### [AIM OF THE TASK]
Look below for the line that has "intros Halpha Hhyp H. induction H as". Set down the lines from there through the line that has "apply (d_mp (p := All", exactly as written.

(Data records)
------------------------------------------------------------
(* Let $\alpha$ be a sentence, $\psi$ and $\beta$ formulas, and $\Gamma$ a set of formulas. If $\Gamma,\beta\vdash\psi$, then $\Gamma,\alpha\vee\beta\vdash\alpha\vee\psi$.
   Context: Fix a countable predicate language $\mathcal L$ consisting of variables, constant symbols and predicate symbols (so terms are just variables and constants), with connectives $\to$, $\&$, the propositional constant $0$ and quantifiers $\forall,\exists$. Abbreviations: $\phi\wedge\psi$ is $\phi\&(\phi\to\psi)$; $\phi\vee\psi$ is $((\phi\to\psi)\to\psi)\wedge((\psi\to\phi)\to\phi)$; $\neg\phi$ is $\phi\to 0$; $1$ is $0\to 0$; $\beta^n$ is $\beta\&\cdots\&\beta$ ($n$ factors). $\phi(x/t)$ denotes the result of substituting the term $t$ for the free occurrences of $x$ in $\phi$. A sentence is a formula with no free variables; a theory is any set of formulas. Hájek's basic predicate logic BL$\forall$ has the axiom schemata (A1) $(\phi\to\psi)\to((\psi\to\chi)\to(\phi\to\chi))$; (A2) $(\phi\&\psi)\to\phi$; (A3) $(\phi\&\psi)\to(\psi\&\phi)$; (A4) $(\phi\&(\phi\to\psi))\to(\psi\&(\psi\to\phi))$; (A5) $(\phi\to(\psi\to\chi))\to((\phi\&\psi)\to\chi)$; (A6) $((\phi\&\psi)\to\chi)\to(\phi\to(\psi\to\chi))$; (A7) $((\phi\to\psi)\to\chi)\to(((\psi\to\phi)\to\chi)\to\chi)$; (A8) $0\to\phi$; ($\forall$1) $\forall x\phi\to\phi(x/t)$ and ($\exists$1) $\phi(x/t)\to\exists x\phi$, for $t$ substitutable for $x$ in $\phi$; ($\forall$2) $\forall x(\phi\to\psi)\to(\phi\to\forall x\psi)$, ($\exists$2) $\forall x(\psi\to\phi)\to(\exists x\psi\to\phi)$ and (Lin) $\forall x(\psi\vee\phi)\to((\forall x\psi)\vee\phi)$, each with $x$ not free in $\phi$; its rules are modus ponens (from $\phi$ and $\phi\to\psi$ infer $\psi$) and generalization (from $\phi$ infer $\forall x\phi$). The logic $\vdash$ extends BL$\forall$ by the axiom schema (RC) $\forall x(\chi\&\chi)\to((\forall x\chi)\&(\forall x\chi))$ for every formula $\chi$, and the infinitary rule (Inf): from all of $\phi\vee(\alpha\to\beta^n)$, $n\in\mathbb N$, infer $\phi\vee(\alpha\to(\alpha\&\beta))$, where $\phi,\alpha,\beta$ are sentences. A proof from $\Gamma$ is a sequence $(\phi_i)_{i\le\xi}$ indexed by the ordinals up to some ordinal $\xi$ such that each $\phi_i$ is an axiom of BL$\forall$, an instance of (RC), a member of $\Gamma$, or is obtained from formulas in $\{\phi_j: j<i\}$ by modus ponens, generalization, or (Inf). $\Gamma\vdash\phi$ means there is a proof from $\Gamma$ whose last member is $\phi$; $\Gamma,\psi\vdash\phi$ means $\Gamma\cup\{\psi\}\vdash\phi$. *)

From Stdlib Require Import Arith Fin.

Set Implicit Arguments.

Record language := {
  Const : Type;
  Pred : Type;
  arity : Pred -> nat;
  const_countable : exists f : Const -> nat, forall a b, f a = f b -> a = b;
  pred_countable : exists f : Pred -> nat, forall a b, f a = f b -> a = b
}.

Section Syntax.
Variable L : language.

Inductive term : Type :=
| tvar : nat -> term
| tconst : Const L -> term.

Inductive formula : Type :=
| Atom : forall p : Pred L, (Fin.t (arity L p) -> term) -> formula
| Imp : formula -> formula -> formula
| SConj : formula -> formula -> formula
| Zero : formula
| All : nat -> formula -> formula
| Ex : nat -> formula -> formula.

Definition term_has_var (x : nat) (t : term) : Prop :=
  match t with tvar y => y = x | tconst _ => False end.

Fixpoint free (x : nat) (phi : formula) : Prop :=
  match phi with
  | Atom p ts => exists i, term_has_var x (ts i)
  | Imp a b => free x a \/ free x b
  | SConj a b => free x a \/ free x b
  | Zero => False
  | All y a => y <> x /\ free x a
  | Ex y a => y <> x /\ free x a
  end.

Definition sentence (phi : formula) : Prop := forall x, ~ free x phi.

Definition subst_term (x : nat) (t s : term) : term :=
  match s with
  | tvar y => if Nat.eqb y x then t else s
  | tconst _ => s
  end.

Fixpoint subst (x : nat) (t : term) (phi : formula) : formula :=
  match phi with
  | Atom p ts => Atom p (fun i => subst_term x t (ts i))
  | Imp a b => Imp (subst x t a) (subst x t b)
  | SConj a b => SConj (subst x t a) (subst x t b)
  | Zero => Zero
  | All y a => if Nat.eqb y x then All y a else All y (subst x t a)
  | Ex y a => if Nat.eqb y x then Ex y a else Ex y (subst x t a)
  end.

Fixpoint substitutable (x : nat) (t : term) (phi : formula) : Prop :=
  match phi with
  | Atom _ _ => True
  | Imp a b => substitutable x t a /\ substitutable x t b
  | SConj a b => substitutable x t a /\ substitutable x t b
  | Zero => True
  | All y a => y = x \/ (substitutable x t a /\ (free x a -> ~ term_has_var y t))
  | Ex y a => y = x \/ (substitutable x t a /\ (free x a -> ~ term_has_var y t))
  end.

Definition Wedge (a b : formula) : formula := SConj a (Imp a b).
Definition Vee (a b : formula) : formula :=
  Wedge (Imp (Imp a b) b) (Imp (Imp b a) a).
Definition Neg (a : formula) : formula := Imp a Zero.
Definition One : formula := Imp Zero Zero.

Fixpoint Pow (b : formula) (n : nat) : formula :=
  match n with
  | 0 => One
  | 1 => b
  | S m => SConj b (Pow b m)
  end.

Inductive BLaxiom : formula -> Prop :=
| A1 : forall p q r, BLaxiom (Imp (Imp p q) (Imp (Imp q r) (Imp p r)))
| A2 : forall p q, BLaxiom (Imp (SConj p q) p)
| A3 : forall p q, BLaxiom (Imp (SConj p q) (SConj q p))
| A4 : forall p q, BLaxiom (Imp (SConj p (Imp p q)) (SConj q (Imp q p)))
| A5 : forall p q r, BLaxiom (Imp (Imp p (Imp q r)) (Imp (SConj p q) r))
| A6 : forall p q r, BLaxiom (Imp (Imp (SConj p q) r) (Imp p (Imp q r)))
| A7 : forall p q r,
    BLaxiom (Imp (Imp (Imp p q) r) (Imp (Imp (Imp q p) r) r))
| A8 : forall p, BLaxiom (Imp Zero p)
| Ax_all1 : forall x t p, substitutable x t p ->
    BLaxiom (Imp (All x p) (subst x t p))
| Ax_ex1 : forall x t p, substitutable x t p ->
    BLaxiom (Imp (subst x t p) (Ex x p))
| Ax_all2 : forall x p q, ~ free x p ->
    BLaxiom (Imp (All x (Imp p q)) (Imp p (All x q)))
| Ax_ex2 : forall x p q, ~ free x p ->
    BLaxiom (Imp (All x (Imp q p)) (Imp (Ex x q) p))
| Ax_lin : forall x p q, ~ free x p ->
    BLaxiom (Imp (All x (Vee q p)) (Vee (All x q) p)).

(** This is equivalent to the existence of an ordinal-indexed
    proof. *)
Inductive deriv (Gamma : formula -> Prop) : formula -> Prop :=
| d_ax : forall p, BLaxiom p -> deriv Gamma p
| d_rc : forall x c,
    deriv Gamma (Imp (All x (SConj c c)) (SConj (All x c) (All x c)))
| d_hyp : forall p, Gamma p -> deriv Gamma p
| d_mp : forall p q, deriv Gamma p -> deriv Gamma (Imp p q) -> deriv Gamma q
| d_gen : forall x p, deriv Gamma p -> deriv Gamma (All x p)
| d_inf : forall phi a b, sentence phi -> sentence a -> sentence b ->
    (forall n, deriv Gamma (Vee phi (Imp a (Pow b n)))) ->
    deriv Gamma (Vee phi (Imp a (SConj a b))).

Definition extend (Gamma : formula -> Prop) (psi : formula) : formula -> Prop :=
  fun f => Gamma f \/ f = psi.

End Syntax.


(* Lift a derivation of [psi] from [Gamma, beta] step by step to a derivation
   of [alpha \/ psi] from [Gamma, alpha \/ beta].  Modus ponens lifts because
   [alpha \/ -] is closed under modus ponens in BL; generalization lifts by
   (Lin), which is where [alpha] must not contain free variables; and (Inf)
   lifts because its side formula can absorb the extra disjunct [alpha] by
   associativity of [\/]. *)

Section PropositionalBL.
Variables (L : language) (G : formula L -> Prop).

Hint Constructors BLaxiom : core.
Hint Resolve d_ax : core.

Lemma imp_trans {p q r : formula L} :
  deriv G (Imp p q) -> deriv G (Imp q r) -> deriv G (Imp p r).
Proof. intros Hpq Hqr. apply (d_mp Hqr), (d_mp Hpq); auto. Qed.

Lemma imp_weaken (p q : formula L) : deriv G (Imp p (Imp q p)).
Proof. apply (d_mp (p := Imp (SConj p q) p)); auto. Qed.

Lemma sconj_mp (p q : formula L) : deriv G (Imp (SConj p (Imp p q)) q).
Proof. apply (imp_trans (q := SConj q (Imp q p))); auto. Qed.

Lemma imp_mp (p q : formula L) : deriv G (Imp p (Imp (Imp p q) q)).
Proof. apply (d_mp (sconj_mp p q)); auto. Qed.

Lemma imp_refl (p : formula L) : deriv G (Imp p p).
Proof.
  apply (imp_trans (imp_weaken p (One L))).
  apply (d_mp (p := One L)); [apply d_ax, A8 | apply imp_mp].
Qed.

Lemma imp_swap {p q r : formula L} :
  deriv G (Imp p (Imp q r)) -> deriv G (Imp q (Imp p r)).
Proof.
  intros H. apply (d_mp H).
  apply (imp_trans (q := Imp (SConj p q) r)); [auto |].
  apply (imp_trans (q := Imp (SConj q p) r)); [| auto].
  apply (d_mp (p := Imp (SConj q p) (SConj p q))); auto.
Qed.

Lemma imp_post {p q r : formula L} :
  deriv G (Imp q r) -> deriv G (Imp (Imp p q) (Imp p r)).
Proof. intros H. apply (d_mp H), imp_swap; auto. Qed.

Lemma imp_pre {p q r : formula L} :
  deriv G (Imp p q) -> deriv G (Imp (Imp q r) (Imp p r)).
Proof. intros H. apply (d_mp H); auto. Qed.

Lemma sconj_pair (p q : formula L) : deriv G (Imp p (Imp q (SConj p q))).
Proof. apply (d_mp (imp_refl (SConj p q))); auto. Qed.

(* Prelinearity (A7): it suffices to derive the goal under [X -> Y] and under
   [Y -> X], and in either case [X /\ Y] is [X & (X -> Y)] up to (A4). *)
Lemma wedge_intro {c X Y : formula L} :
  deriv G (Imp c X) -> deriv G (Imp c Y) -> deriv G (Imp c (Wedge X Y)).
Proof.
  intros HX HY. unfold Wedge.
  assert (under_XY : deriv G (Imp (Imp X Y) (Imp c (SConj X (Imp X Y))))).
  { apply (imp_trans (imp_swap (sconj_pair X (Imp X Y)))), imp_pre, HX. }
  assert (under_YX : deriv G (Imp (Imp Y X) (Imp c (SConj X (Imp X Y))))).
  { apply (imp_trans (imp_swap (sconj_pair Y (Imp Y X)))).
    apply (imp_trans (q := Imp Y (SConj X (Imp X Y)))); [| apply imp_pre, HY].
    apply imp_post; auto. }
  apply (d_mp under_YX), (d_mp under_XY); auto.
Qed.

Lemma vee_introl (p q : formula L) : deriv G (Imp p (Vee p q)).
Proof. apply wedge_intro; [apply imp_mp | apply imp_weaken]. Qed.

Lemma vee_intror (p q : formula L) : deriv G (Imp q (Vee p q)).
Proof. apply wedge_intro; [apply imp_weaken | apply imp_mp]. Qed.

Lemma vee_elim {p q r : formula L} :
  deriv G (Imp p r) -> deriv G (Imp q r) -> deriv G (Imp (Vee p q) r).
Proof.
  intros Hp Hq.
  assert (from_pq : deriv G (Imp (Imp p q) (Imp (Vee p q) r))).
  { apply imp_swap, (imp_trans (q := Imp (Imp p q) q)); [apply d_ax, A2 |].
    apply imp_post, Hq. }
  assert (from_qp : deriv G (Imp (Imp q p) (Imp (Vee p q) r))).
  { apply imp_swap, (imp_trans (q := Imp (Imp q p) p)); [apply sconj_mp |].
    apply imp_post, Hp. }
  apply (d_mp from_qp), (d_mp from_pq); auto.
Qed.

Lemma vee_comm (p q : formula L) : deriv G (Imp (Vee p q) (Vee q p)).
Proof. apply vee_elim; [apply vee_intror | apply vee_introl]. Qed.

Lemma vee_assoc (p q r : formula L) :
  deriv G (Imp (Vee p (Vee q r)) (Vee (Vee p q) r)).
Proof.
  apply vee_elim.
  - apply (imp_trans (vee_introl p q)), vee_introl.
  - apply vee_elim; [| apply vee_intror].
    apply (imp_trans (vee_intror p q)), vee_introl.
Qed.

Lemma vee_assoc_rev (p q r : formula L) :
  deriv G (Imp (Vee (Vee p q) r) (Vee p (Vee q r))).
Proof.
  apply vee_elim.
  - apply vee_elim; [apply vee_introl |].
    apply (imp_trans (vee_introl q r)), vee_intror.
  - apply (imp_trans (vee_intror q r)), vee_intror.
Qed.

Lemma vee_of_deriv {a p : formula L} : deriv G p -> deriv G (Vee a p).
Proof. intros H. apply (d_mp H), vee_intror. Qed.

Lemma vee_mp {a p q : formula L} :
  deriv G (Vee a p) -> deriv G (Vee a (Imp p q)) -> deriv G (Vee a q).
Proof.
  intros Hp Hpq. apply (d_mp Hpq), (d_mp Hp), vee_elim.
  - apply (imp_trans (vee_introl a q)), imp_weaken.
  - apply imp_swap, vee_elim.
    + apply (imp_trans (vee_introl a q)), imp_weaken.
    + apply imp_post, vee_intror.
Qed.

End PropositionalBL.

Lemma sentence_vee (L : language) (a b : formula L) :
  sentence a -> sentence b -> sentence (Vee a b).
Proof.
  intros Ha Hb x Hx. specialize (Ha x); specialize (Hb x); simpl in Hx; tauto.
Qed.

Lemma deriv_vee_lift (L : language) (Gamma Delta : formula L -> Prop)
  (alpha psi : formula L) :
  sentence alpha ->
  (forall g, Gamma g -> deriv Delta (Vee alpha g)) ->
  deriv Gamma psi -> deriv Delta (Vee alpha psi).
Proof.
  intros Halpha Hhyp H. induction H as
    [p Hax | x c | p Hp | p q _ IHp _ IHpq | x p _ IHp | phi a b Hphi Ha Hb _ IHn].
  - apply vee_of_deriv, d_ax, Hax.
  - apply vee_of_deriv, d_rc.
  - apply Hhyp, Hp.
  - exact (vee_mp _ _ IHp IHpq).
  - apply (d_mp (p := Vee (All x p) alpha)); [| apply vee_comm].
    apply (d_mp (p := All x (Vee p alpha))); [| apply d_ax, Ax_lin, Halpha].
    apply d_gen, (d_mp IHp), vee_comm.
  - apply (d_mp (p := Vee (Vee alpha phi) (Imp a (SConj a b))));
      [| apply vee_assoc_rev].
    apply d_inf; [apply sentence_vee; assumption | assumption | assumption |].
    intros n. apply (d_mp (IHn n)), vee_assoc.
Qed.

Theorem mainTheorem2 (L : language) (Gamma : formula L -> Prop)
  (alpha psi beta : formula L) :
  sentence alpha ->
  deriv (extend Gamma beta) psi ->
  deriv (extend Gamma (Vee alpha beta)) (Vee alpha psi).
Proof.
  intros Halpha. apply deriv_vee_lift; [exact Halpha |].
  intros g [Hg | ->].
  - apply vee_of_deriv, d_hyp. left; exact Hg.
  - apply d_hyp. right; reflexivity.
Qed.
------------------------------------------------------------
### [RESPONSE TO THIS TASK]
  intros Halpha Hhyp H. induction H as
    [p Hax | x c | p Hp | p q _ IHp _ IHpq | x p _ IHp | phi a b Hphi Ha Hb _ IHn].
  - apply vee_of_deriv, d_ax, Hax.
  - apply vee_of_deriv, d_rc.
  - apply Hhyp, Hp.
  - exact (vee_mp _ _ IHp IHpq).
  - apply (d_mp (p := Vee (All x p) alpha)); [| apply vee_comm].
    apply (d_mp (p := All x (Vee p alpha))); [| apply d_ax, Ax_lin, Halpha].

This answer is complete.